Women still face disparities in health care
As hard as it may be to understand 25 years into the 21st century — and nearly 40 years after March was designated as Women’s History Month — women are frequently overlooked when it comes to medical research and treatment.
Studies have shown that symptoms of cardiovascular disease are treated more aggressively in men than women. Women’s bodies mount a different immune response to vaccines, yet vaccines are still one-shot-fits-all. A 2021 report found that clinical trials in oncology, neurology, immunology and nephrology had the lowest female representation relative to how much these diseases impact women.
In the news right now are emerging lawsuits against Pfizer alleging that its widely used birth control, Depo-Provera, caused usually benign brain tumors called meningiomas. These tumors typically bring on headache, dizziness and depression, and guess what? Some women are finding that it’s taken months or years for them to get a diagnosis. (Pfizer responds that its product has been proven safe over decades of use. Stay tuned.)
I don’t think doctors are necessarily dismissing women’s symptoms on purpose. Most of us humans have some level of built-in “implicit bias,” subconscious feelings, attitudes, prejudices and stereotypes that have been baked into us throughout our lives.
And health care providers are just that: human. Many grew up in families where women were not always given the same opportunities a generation ago that men were. They can be quite unaware that subconscious perceptions, instead of facts and observations, are affecting their decision-making and influencing their care decisions.
I have worked with doctors closely for decades and I have seen women’s concerns not taken as seriously, especially as it pertains to reproductive care. Ovarian cancer is a good example because there’s no screening test for it and the symptoms can easily be interpreted as a digestive disorder, urinary tract infection or menstrual pain. By the time most women receive a diagnosis, their cancer is already at Stage III or IV. Poor women and women of color are particularly affected.
Women, meanwhile, are often socialized to be nice, never question a doctor, and never want to be perceived as a “problem” if they speak up for a family member. This may result in the patient becoming more and more frustrated because her symptoms being dismissed (“It’s all in your head”) or minimized.
Patients of all genders and backgrounds can help themselves if they’re encountering an experience with what appears to be implicit bias. Here are some suggestions:
1. Don’t go it alone.
Doctors typically spend much more time teaching, reviewing labs and answering questions when an advocate or informed family member is attending the visit. One of my tried-and-true recommendations is to bring someone with you to all appointments, have them take notes and tell them to feel free to ask questions. If they’re not a spouse, you can give your verbal permission for a provider to discuss your care with them.
2. Prepare for your appointments.
An implicit bias may lead a doctor to automatically label a patient as “hypochondriac” based on their presentation or demeanor, without fully considering the possibility of a real medical condition.
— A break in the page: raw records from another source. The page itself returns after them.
(* Assume Assumptions 1, 2 and 3 and $0<P(Z=1\mid R=r)<1$, $P(R=r)>0$ for $r=1,2$. Write $\omega_{ys\mid zr}=P(Y=y,S=s\mid Z=z,R=r)$ and $\delta_{zu}=P(Y=1\mid Z=z,U=u)$. Then $\pi_{\bar{s}\bar{s},r}=P(S=0\mid Z=1,R=r)$, $\pi_{ss,r}=P(S=1\mid Z=0,R=r)$ and $\pi_{s\bar{s},r}=1-\pi_{ss,r}-\pi_{\bar{s}\bar{s},r}$. If $\pi_{ss,1}\pi_{s\bar{s},2}-\pi_{ss,2}\pi_{s\bar{s},1}\neq 0$, then $$\delta_{1,ss}=\frac{\omega_{11\mid 11}\pi_{s\bar{s},2}-\omega_{11\mid 12}\pi_{s\bar{s},1}}{\pi_{ss,1}\pi_{s\bar{s},2}-\pi_{ss,2}\pi_{s\bar{s},1}},\qquad \delta_{1,s\bar{s}}=\frac{\omega_{11\mid 12}\pi_{ss,1}-\omega_{11\mid 11}\pi_{ss,2}}{\pi_{ss,1}\pi_{s\bar{s},2}-\pi_{ss,2}\pi_{s\bar{s},1}}.$$ If $\pi_{s\bar{s},1}\pi_{\bar{s}\bar{s},2}-\pi_{s\bar{s},2}\pi_{\bar{s}\bar{s},1}\neq 0$, then $$\delta_{0,s\bar{s}}=\frac{\omega_{10\mid 01}\pi_{\bar{s}\bar{s},2}-\omega_{10\mid 02}\pi_{\bar{s}\bar{s},1}}{\pi_{s\bar{s},1}\pi_{\bar{s}\bar{s},2}-\pi_{s\bar{s},2}\pi_{\bar{s}\bar{s},1}},\qquad \delta_{0,\bar{s}\bar{s}}=\frac{\omega_{10\mid 02}\pi_{s\bar{s},1}-\omega_{10\mid 01}\pi_{s\bar{s},2}}{\pi_{s\bar{s},1}\pi_{\bar{s}\bar{s},2}-\pi_{s\bar{s},2}\pi_{\bar{s}\bar{s},1}}.$$ (Here $\delta_{1,ss},\delta_{1,s\bar{s}}$, resp. $\delta_{0,s\bar{s}},\delta_{0,\bar{s}\bar{s}}$, are assumed defined, i.e. the corresponding strata have positive probability.)
   Context: Setting: $N_R=2$ trials. A unit is described by $(R,Z,S(1),S(0),Y(1),Y(0))$ with $R\in\{1,2\}$ the trial, $Z\in\{0,1\}$ the treatment, $S(z),Y(z)\in\{0,1\}$ potential surrogate and endpoint. Observed $S=ZS(1)+(1-Z)S(0)$, $Y=ZY(1)+(1-Z)Y(0)$. $U=(S(1),S(0))$ with values $(1,1),(1,0),(0,1),(0,0)$ labeled $ss,s\bar{s},\bar{s}s,\bar{s}\bar{s}$; $\pi_{ur}=P(U=u\mid R=r)$. Assumption 1 (randomization): $Z\perp\!\!\!\perp\{S(1),S(0),Y(1),Y(0)\}\mid R$. Assumption 2 (monotonicity): $S(1)\ge S(0)$ almost surely. Assumption 3 (homogeneity): $R\perp\!\!\!\perp Y(z)\mid U$ for $z=0,1$; under Assumptions 1 and 3, $P(Y=1\mid Z=z,U=u,R=r)=P(Y=1\mid Z=z,U=u)$. *)

(* a discrete joint law of (R,Z,S(1),S(0),Y(1),Y(0)) is a pmf
   on the finite type of its 2*2*2*2*2*2 = 64 possible values. *)
From HB Require Import structures.
From mathcomp Require Import all_boot all_order all_algebra.
Set Implicit Arguments. Unset Strict Implicit. Unset Printing Implicit Defensive.
Import Order.TTheory GRing.Theory Num.Theory.
Local Open Scope ring_scope.
(* If 0 is a convex combination of the values phi(x_j), the same combination
   of Dirac masses lies in C(X,1,phi), and Caratheodory's argument (slide the
   weights along an affine dependence until one vanishes, and repeat) turns any
   such combination into one with unique positive weights on at most m+1
   distinct points.  Conversely, by compactness some convex combination p of
   m+1 values of phi has minimal norm.  Caratheodory again shows that every
   point of the segment from p to any phi(x) is such a combination, so
   minimality gives |p|^2 <= <p, phi(x)> for all x; integrating against a
   measure in C(X,1,phi) yields |p|^2 <= 0, i.e. p = 0. *)

From HB Require Import structures.
From mathcomp Require Import all_boot all_order all_algebra.
From mathcomp Require Import all_classical all_reals all_analysis.
From mathcomp Require Import measurable_realfun.
From mathcomp Require Import zify ring lra.
Import Order.TTheory GRing.Theory Num.Theory numFieldNormedType.Exports.
Set Implicit Arguments. Unset Strict Implicit. Unset Printing Implicit Defensive.
Local Open Scope ring_scope.

Section Caratheodory.
Variables (R : realFieldType) (m : nat).

Definition convex_weights n (w : 'I_n -> R) : Prop :=
  (forall j, 0 <= w j) /\ \sum_j w j = 1.

Definition affine_dependence n (u : 'I_n -> 'I_m -> R) (d : 'I_n -> R) : Prop :=
  [/\ exists j, d j != 0, \sum_j d j = 0 & forall i, \sum_j d j * u j i = 0].

Lemma sum_eq0_exists_gt0 n (d : 'I_n -> R) :
  \sum_j d j = 0 -> (exists j, d j != 0) -> exists j, 0 < d j.
Proof.
move=> d0 [j dj]; apply: contrapT => /forallNP dle0.
have Nd_ge0 k : 0 <= - d k by rewrite oppr_ge0 leNgt; apply/negP/dle0.
have := @psumr_eq0P _ _ predT _ (fun k _ => Nd_ge0 k).
by rewrite sumrN d0 oppr0 => /(_ erefl j isT) /eqP; rewrite oppr_eq0 (negPf dj).
Qed.

Lemma exists_max_step n (w d : 'I_n -> R) :
  (forall j, 0 <= w j) -> (exists j, 0 < d j) ->
  exists t, (forall j, 0 <= w j - t * d j) /\ exists j, w j - t * d j = 0.
Proof.
move=> w_ge0 [j0 dj0].
have [j dj jmin] := @arg_minP _ _ _ j0 (fun j => 0 < d j) (fun j => w j / d j) dj0.
exists (w j / d j); split; last by exists j; rewrite mulfVK ?subrr // gt_eqF.
move=> k; have [dk|dk] := ltP 0 (d k).
  by have := jmin k dk; rewrite subr_ge0 ler_pdivlMr.
rewrite subr_ge0; apply: le_trans (w_ge0 k).
by rewrite mulr_ge0_le0 // divr_ge0 // ltW.
Qed.

Lemma affine_dependence_shift n (u : 'I_n -> 'I_m -> R) d w t :
  affine_dependence u d ->
  \sum_j (w j - t * d j) = \sum_j w j /\
  forall i, \sum_j (w j - t * d j) * u j i = \sum_j w j * u j i.
Proof.
move=> [_ d0 du]; split; first by rewrite sumrB -mulr_sumr d0 mulr0 subr0.
move=> i; under eq_bigr do rewrite mulrBl -mulrA.
by rewrite sumrB -mulr_sumr du mulr0 subr0.
Qed.

Lemma affine_dependence_exists n (u : 'I_n -> 'I_m -> R) :
  (m.+1 < n)%N -> exists d, affine_dependence u d.
Proof.
move=> m_lt_n.
pose A : 'M[R]_(n, m.+1) :=
  \matrix_(j, c) (if unlift ord0 c is Some i then u j i else 1).
have : kermx A != 0.
  by rewrite -mxrank_eq0 mxrank_ker; have := rank_leq_col A; lia.
move: (mulmx_ker A); move: (kermx A) => M MA0 /matrix0Pn[r [c Mrc]].
have MA0c c' : \sum_j M r j * A j c' = 0.
  by have := congr1 (fun B : 'M[R]_(n, m.+1) => B r c') MA0; rewrite !mxE.
exists (fun j => M r j); split; first by exists c.
  by have := MA0c ord0; under eq_bigr do rewrite mxE unlift_none mulr1.
by move=> i; have := MA0c (lift ord0 i); under eq_bigr do rewrite mxE liftK.
Qed.

Lemma affine_dependence_of_eq n (u : 'I_n -> 'I_m -> R) j k :
  j != k -> u j = u k -> exists d, affine_dependence u d.
Proof.
move=> /negPf jk ujk.
pose e (l j' : 'I_n) : R := (j' == l)%:R.
have sum_e l (g : 'I_n -> R) : \sum_j' e l j' * g j' = g l.
  rewrite (bigD1 l) //= /e eqxx mul1r big1 ?addr0 // => j' /negPf->.
  by rewrite mul0r.
exists (fun l => e j l - e k l); split.
- by exists j; rewrite /e eqxx jk subr0 oner_neq0.
- have sum_e1 l : \sum_j' e l j' = 1.
    by rewrite -[RHS](sum_e l (fun _ => 1)); apply: eq_bigr => j' _; rewrite mulr1.
  by rewrite sumrB !sum_e1 subrr.
- by move=> i; under eq_bigr do rewrite mulrBl; rewrite sumrB !sum_e ujk subrr.
Qed.
(* Let $H$ be a real Hilbert space, $M\ge 1$, $I=\{1,\dots,M\}$, and let $f_i,h_i,T_i$ ($i\in I$) satisfy Assumption (A1)–(A4) below, with parameter sequences $\{\theta_n\},\{\lambda_n\},\{\beta_n\},\{\alpha_n\}$ satisfying Condition (C) below. Suppose that for each $i\in I$, $X_i\subset H$ is a bounded, closed and convex set with $S\subset X_i$, where $S=\bigcap_{i=1}^M \mathrm{Fix}\,T_i$. Consider the Distributed Accelerated Incremental Algorithm described below, modified in one of the following two ways: either the step defining $y^{(i)}_n$ is replaced by $$y^{(i)}_{n}=P_{X_{i}}\big(\mathrm{prox}_{\lambda_{n}f_{i}}(z^{(i)}_{n}+\lambda_{n}d^{(i)}_{n+1})\big),$$ or the step defining $w^{(i+1)}_n$ is replaced by $$w^{(i+1)}_{n}=P_{X_{i}}\big(\alpha_{n}u^{(i)}+(1-\alpha_{n})T_{i}(y^{(i)}_{n})\big),$$ where $P_{X_i}$ denotes the metric projection onto $X_i$. Then for each $i\in I$ the sequence $\{y^{(i)}_n\}$ generated by the resulting algorithm is bounded.
   Context: Assumption (A1): each $f_i:H\to\mathbb{R}$ is continuous and convex. (A2): each $h_i:H\to\mathbb{R}$ is convex and Fréchet differentiable, and $\nabla h_i$ is $(1/L_i)$-Lipschitz continuous for some $L_i>0$. (A3): each $T_i:H\to H$ is firmly nonexpansive, i.e. $\|T_ix-T_iy\|^2\le\langle T_ix-T_iy,x-y\rangle$ for all $x,y$. (A4): $S=\bigcap_{i=1}^M\mathrm{Fix}\,T_i\neq\emptyset$ (where $\mathrm{Fix}\,T_i=\{y:T_iy=y\}$) and, with $\psi=\sum_{i=1}^M(f_i+h_i)$, the set $\Omega=\{\hat x\in S:\psi(\hat x)=\min_{x\in S}\psi(x)\}$ is nonempty. Condition (C): $\{\theta_n\},\{\lambda_n\},\{\beta_n\},\{\alpha_n\}$ are decreasing real sequences converging to $0$ with $\theta_n\in[0,1)$, $\lambda_n\in(0,2\min_{i\in I}L_i]$, $\beta_n\in(0,1]$, $\alpha_n\in(0,1]$, and: (C1) $\sum_n\alpha_n=\infty$; (C2) $\lim_n\frac{1}{\alpha_{n+1}}\big|\frac{1}{\lambda_{n+1}}-\frac{1}{\lambda_n}\big|=0$; (C3) $\lim_n\frac{1}{\lambda_{n+1}}\big|1-\frac{\alpha_n}{\alpha_{n+1}}\big|=0$; (C4) $\lim_n\frac{\alpha_n}{\lambda_n}=0$; (C5) $\lim_n\frac{\theta_n}{\alpha_{n+1}\lambda_{n+1}}=0$; (C6) $\frac{\lambda_n}{\lambda_{n+1}}\le\sigma$ for some $\sigma\ge1$ and all $n$; (C7) $\lim_n\frac{\beta_n}{\alpha_{n+1}}=0$. For proper lsc convex $g$ and $\lambda>0$, $\mathrm{prox}_{\lambda g}(x)=\arg\min_y\{g(y)+\frac{1}{2\lambda}\|x-y\|^2\}$. Distributed Accelerated Incremental Algorithm: choose $x_1\in H$, $w^{(i)}_0,z^{(i)}_0,u^{(i)}\in H$ and set $d^{(i)}_1=-\nabla h_i(z^{(i)}_0)$ ($i\in I$). For $n=1,2,\dots$: set $w^{(1)}_n=x_n$; for $i=1,\dots,M$ compute $z^{(i)}_n=w^{(i)}_n+\theta_n(w^{(i)}_n-w^{(i)}_{n-1})$, $d^{(i)}_{n+1}=-\nabla h_i(z^{(i)}_n)+\beta_nd^{(i)}_n$, $y^{(i)}_n=\mathrm{prox}_{\lambda_nf_i}(z^{(i)}_n+\lambda_nd^{(i)}_{n+1})$, $w^{(i+1)}_n=\alpha_nu^{(i)}+(1-\alpha_n)T_i(y^{(i)}_n)$; then set $x_{n+1}=w^{(M+1)}_n$. *)

(* real Hilbert space modelled as a complete normed
   module over a realType together with an inner product inducing its norm. *)
From HB Require Import structures.
From mathcomp Require Import all_boot all_order all_algebra.
From mathcomp Require Import all_classical all_reals all_analysis.
Set Implicit Arguments. Unset Strict Implicit. Unset Printing Implicit Defensive.
Import Order.TTheory GRing.Theory Num.Theory.
Import numFieldNormedType.Exports.
Local Open Scope classical_set_scope.
Local Open Scope ring_scope.

Section Defs.
Context {R : realType} {V : normedModType R}.

Definition inner_product (ip : V -> V -> R) : Prop :=
  [/\ (forall x y, ip x y = ip y x),
      (forall x y z, ip (x + y) z = ip x z + ip y z),
      (forall (a : R) x y, ip (a *: x) y = a * ip x y) &
      (forall x, ip x x = `|x| ^+ 2)].

Definition frechet_gradient (ip : V -> V -> R) (h : V -> R) (g : V -> V) : Prop :=
  forall x (e : R), 0 < e -> exists2 d : R, 0 < d &
    forall v, `|v| < d -> `|h (x + v) - h x - ip (g x) v| <= e * `|v|.

Definition lipschitz_with (K : R) (g : V -> V) : Prop :=
  forall x y, `|g x - g y| <= K * `|x - y|.

Definition firmly_nonexpansive (ip : V -> V -> R) (T : V -> V) : Prop :=
  forall x y, `|T x - T y| ^+ 2 <= ip (T x - T y) (x - y).

Definition Fix (T : V -> V) : set V := [set y | T y = y].

Definition is_prox (lam : R) (f : V -> R) (x p : V) : Prop :=
  forall y, f p + `|x - p| ^+ 2 / (2 * lam) <= f y + `|x - y| ^+ 2 / (2 * lam).

Definition is_metric_proj (X : set V) (x p : V) : Prop :=
  X p /\ forall y, X y -> `|x - p| <= `|x - y|.

Definition norm_bounded_set (X : set V) : Prop :=
  exists B : R, forall x, X x -> `|x| <= B.

End Defs.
You can guard against this by researching your symptoms on authoritative websites, such as WebMD.com or CDC.gov, and come prepared with notes and questions.
3. Be assertive, but not rude or angry.
Expressing extreme anger and frustration, or calling into question the provider’s intelligence, education or caring, might actually cause a doctor to want to avoid you, dismiss you as having mental health issues — or even “fire” you as a patient. I counsel all my clients to be persistent but polite and never alienate those caring for you.
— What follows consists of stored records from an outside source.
Lemma bseq_lower_bound : exists c, 1 < c /\ forall k, c <= b k.
Proof.
  assert (Hmin : forall n, exists c, 1 < c /\ forall i, (i < n)%nat -> (i < p)%nat -> c <= beta i).
  { induction n as [|n [c [Hc1 Hc2]]].
    - exists 2. split; [lra | intros; lia].
    - destruct (Nat.lt_ge_cases n p) as [Hn|Hn].
      + exists (Rmin c (beta n)). split; [apply Rmin_glb_lt; auto using beta_gt1|].
        intros i Hi Hip. destruct (Nat.eq_dec i n) as [->|E]; [apply Rmin_r|].
        eapply Rle_trans; [apply Rmin_l | apply Hc2; lia].
      + exists c. split; auto. intros i Hi Hip. apply Hc2; lia. }
  destruct (Hmin p) as [c [Hc1 Hc2]]. exists c. split; auto.
  intros k. pose proof period_pos. apply Hc2; apply Nat.mod_upper_bound; lia.
Qed.

Lemma delta_gt1 : 1 < delta.
Proof.
  pose proof period_pos. replace p with (S (p - 1)) at 1 by lia. simpl.
  assert (1 <= prod_beta beta (p - 1)).
  { apply prod_beta_ge1. intros i Hi. left. apply beta_gt1. lia. }
  assert (1 < beta (p - 1)) by (apply beta_gt1; lia). nra.
Qed.

Lemma bseq_block j s : (s < p)%nat -> b (j * p + s) = beta s.
Proof.
  intros H. unfold bseq. rewrite Nat.add_comm, Nat.Div0.mod_add, Nat.mod_small; auto.
Qed.

Lemma bprod_block j s k : (s + k <= p)%nat ->
  bprod (j * p + s) k = prod_beta (fun i => beta (s + i)%nat) k.
Proof.
  intros H. apply prod_beta_ext. intros i Hi.
  rewrite <- Nat.add_assoc, bseq_block by lia. reflexivity.
Qed.

Lemma bprod_blocks j : bprod 0 (j * p) = delta ^ j.
Proof.
  induction j as [|j IH]; [reflexivity|].
  assert (Elast : prod_beta (fun i => b (0 + (j * p + i))) p = delta)
    by (apply prod_beta_ext; intros; apply bseq_block; auto).
  rewrite Nat.mul_succ_l, prod_beta_add, IH. cbv beta. rewrite Elast. simpl. ring.
Qed.

Lemma tail_head_prod t : (t < p)%nat -> beta_tail t * prod_beta beta (S t) = delta.
Proof.
  intros H. replace p with (S t + (p - S t))%nat at 2 by lia.
  rewrite prod_beta_add. ring.
Qed.

Lemma rem_S x k : r x (S k) = b k * r x k - IZR (a x k).
Proof. reflexivity. Qed.

Lemma rem_bounds x k : 0 <= x < 1 -> 0 <= r x k < 1.
Proof.
  intros H. destruct k as [|k]; [exact H|].
  rewrite rem_S. unfold digit. destruct (base_Int_part (b k * r x k)). lra.
Qed.

(* While the remainder times the remaining product of bases stays below 1, all digits are 0. *)
Lemma rem_scale x n k : 0 <= r x n -> bprod n k * r x n < 1 ->
  r x (n + k) = bprod n k * r x n.
Proof.
  intros H0. induction k as [|k IH]; intros H.
  - simpl. rewrite Nat.add_0_r. ring.
  - simpl in H. pose proof (bseq_gt1 (n + k)).
    assert (1 <= bprod n k) by (apply prod_beta_ge1; intros; left; apply bseq_gt1).
    assert (Hk : bprod n k * r x n < 1) by nra.
    rewrite Nat.add_succ_r, rem_S. unfold digit. rewrite (IH Hk).
    rewrite <- (Int_part_spec _ 0); simpl; [ring|].
    split; [lra|]. apply Rmult_le_pos; [lra | apply Rmult_le_pos; lra].
Qed.

Lemma rem_block x j k : (k <= p)%nat ->
  r x (j * p + k) = prod_beta beta k * r x (j * p)
     - sumR (fun t => IZR (a x (j * p + t))
                      * prod_beta (fun i => beta (S t + i)%nat) (k - S t)) k.
Proof.
  induction k as [|k IH]; intros Hk.
  - simpl. rewrite Nat.add_0_r. ring.
  - rewrite Nat.add_succ_r, rem_S, IH, bseq_block by lia.
    simpl sumR.
    rewrite (sumR_ext
      (fun t => IZR (a x (j * p + t)) * prod_beta (fun i => beta (S t + i)%nat) (S k - S t))
      (fun t => beta k * (IZR (a x (j * p + t))
                          * prod_beta (fun i => beta (S t + i)%nat) (k - S t)))).
    + rewrite sumR_scal, Nat.sub_diag. simpl. ring.
    + intros t Ht. replace (S k - S t)%nat with (S (k - S t)) by lia. simpl.
      replace (S (t + (k - S t))) with k by lia. ring.
Qed.
(* Let $\gamma_1,\gamma_2\in\Psi^+$ be orthogonal roots such that $\{\gamma_1,\gamma_2\}$ is contained in some admissible subset of $\Psi^+$. Then $e_{\gamma_1}e_{\gamma_2}=e_{\gamma_2}e_{\gamma_1}$ in $\mathrm{Br}(\mathrm{F}_4)$.
   Context: $\mathrm{Br}(\mathrm{F}_4)$ is the unital associative $\mathbb Z[\delta^{\pm1}]$-algebra ($\delta$ an indeterminate) generated by $r_1,\dots,r_4,e_1,\dots,e_4$ subject to: $r_i^2=1$, $r_ie_i=e_ir_i=e_i$ for all $i$; $e_i^2=\delta e_i$ for $i\in\{3,4\}$; $e_i^2=\delta^2e_i$ for $i\in\{1,2\}$; for $\{i,j\}\in\{\{1,3\},\{1,4\},\{2,4\}\}$: $r_ir_j=r_jr_i$, $e_ir_j=r_je_i$, $e_ie_j=e_je_i$; for $(i,j)\in\{(1,2),(2,1),(3,4),(4,3)\}$: $r_ir_jr_i=r_jr_ir_j$, $r_jr_ie_j=e_ie_j$, $r_ie_jr_i=r_je_ir_j$; and $r_2r_3r_2r_3=r_3r_2r_3r_2$, $r_2r_3e_2=r_3e_2$, $r_2e_3r_2e_3=e_3e_2e_3$, $(r_2r_3r_2)e_3=e_3(r_2r_3r_2)$, $e_2r_3e_2=\delta e_2$, $e_2e_3e_2=\delta e_2$, $e_2r_3r_2=e_2r_3$, $e_2e_3r_2=e_2e_3$. Roots: $\epsilon_1,\dots,\epsilon_4$ standard basis of $\mathbb R^4$; $\beta_1=\frac12(\epsilon_1-\epsilon_2-\epsilon_3-\epsilon_4)$, $\beta_2=\epsilon_2$, $\beta_3=\epsilon_3-\epsilon_2$, $\beta_4=\epsilon_4-\epsilon_3$; $\Psi=\{\pm\epsilon_i\}\cup\{\pm\epsilon_i\pm\epsilon_j:i<j\}\cup\{\frac12(\pm\epsilon_1\pm\epsilon_2\pm\epsilon_3\pm\epsilon_4)\}$ with positive roots $\Psi^+$ = roots that are nonnegative combinations of the $\beta_i$; a root and its negative are identified when naming positive roots. $W=W(\mathrm{F}_4)$ is generated by $s_i=s_{\beta_i}$, identified with its image in $\mathrm{Br}(\mathrm{F}_4)$ via $s_i\mapsto r_i$; $W$ acts on $\Psi^+$ by $w\cdot\beta=$ the positive one of $\pm w\beta$. For $\beta\in\Psi^+$, $e_\beta:=we_iw^{-1}$ for any $w\in W$, $i\in\{1,\dots,4\}$ with $w\beta_i=\beta$ (this is well defined). Admissible sets: let $\Phi$ be the $\mathrm{E}_6$ root system in a Euclidean space $V$ with simple roots $\alpha_1,\dots,\alpha_6$ of squared length $2$, $(\alpha_i,\alpha_j)=-1$ for $\{i,j\}\in\{\{1,3\},\{3,4\},\{4,5\},\{5,6\},\{2,4\}\}$ and $0$ for other $i\ne j$, positive roots $\Phi^+$. $B\subseteq\Phi^+$ is admissible if its elements are mutually orthogonal and whenever $\gamma_1,\gamma_2,\gamma_3\in B$ are distinct and $\gamma\in\Phi$ has $(\gamma,\gamma_k)\in\{\pm1\}$ ($k=1,2,3$), the positive one of $\pm(2\gamma-\sum_k(\gamma,\gamma_k)\gamma_k)$ lies in $B$. With $\mathfrak p:V\to\mathbb R^4$ linear, $\mathfrak p(\alpha_1)=\mathfrak p(\alpha_6)=\beta_1$, $\mathfrak p(\alpha_3)=\mathfrak p(\alpha_5)=\beta_2$, $\mathfrak p(\alpha_4)=\beta_3$, $\mathfrak p(\alpha_2)=\beta_4$, a set $X\subseteq\Psi^+$ of mutually orthogonal roots is admissible if $\mathfrak p^{-1}(X)\cap\Phi^+$ is admissible. *)

From mathcomp Require Import all_boot all_order all_algebra.
Set Implicit Arguments. Unset Strict Implicit. Unset Printing Implicit Defensive.
Import Order.TTheory GRing.Theory Num.Theory.
Local Open Scope ring_scope.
4. If all else fails, change doctors.
If you feel like you are being treated disrespectfully and your concerns are not addressed, get a second opinion or switch doctors immediately. You can take that to an extreme, however. I’ve seen patients go “shopping” for a diagnosis until they find a provider who agrees with them. This isn’t helpful, either.
5. Consider hiring a professional patient advocate.
A patient advocate who has training as a nurse or other medical professional can take a dispassionate look at you and your symptoms, speak to your health care provider with some authority and interpret test results and conversations in lay language.
Women have come a long way when it comes to health care, but we haven’t achieved equity yet. Learning to advocate for yourself is one way to make progress.
• Teri (Dreher) Frykenberg, a registered nurse, board-certified patient advocate, is the founder of www.NurseAdvocateEntrepreneur.com, which trains medical professionals to become successful private patient advocates. She is the author of “How to Be a Healthcare Advocate for Yourself & Your Loved Ones,” available on Amazon. Frykenberg offers a free phone consultation to readers. Contact her at Teri@NurseAdvocateEntrepreneur.com.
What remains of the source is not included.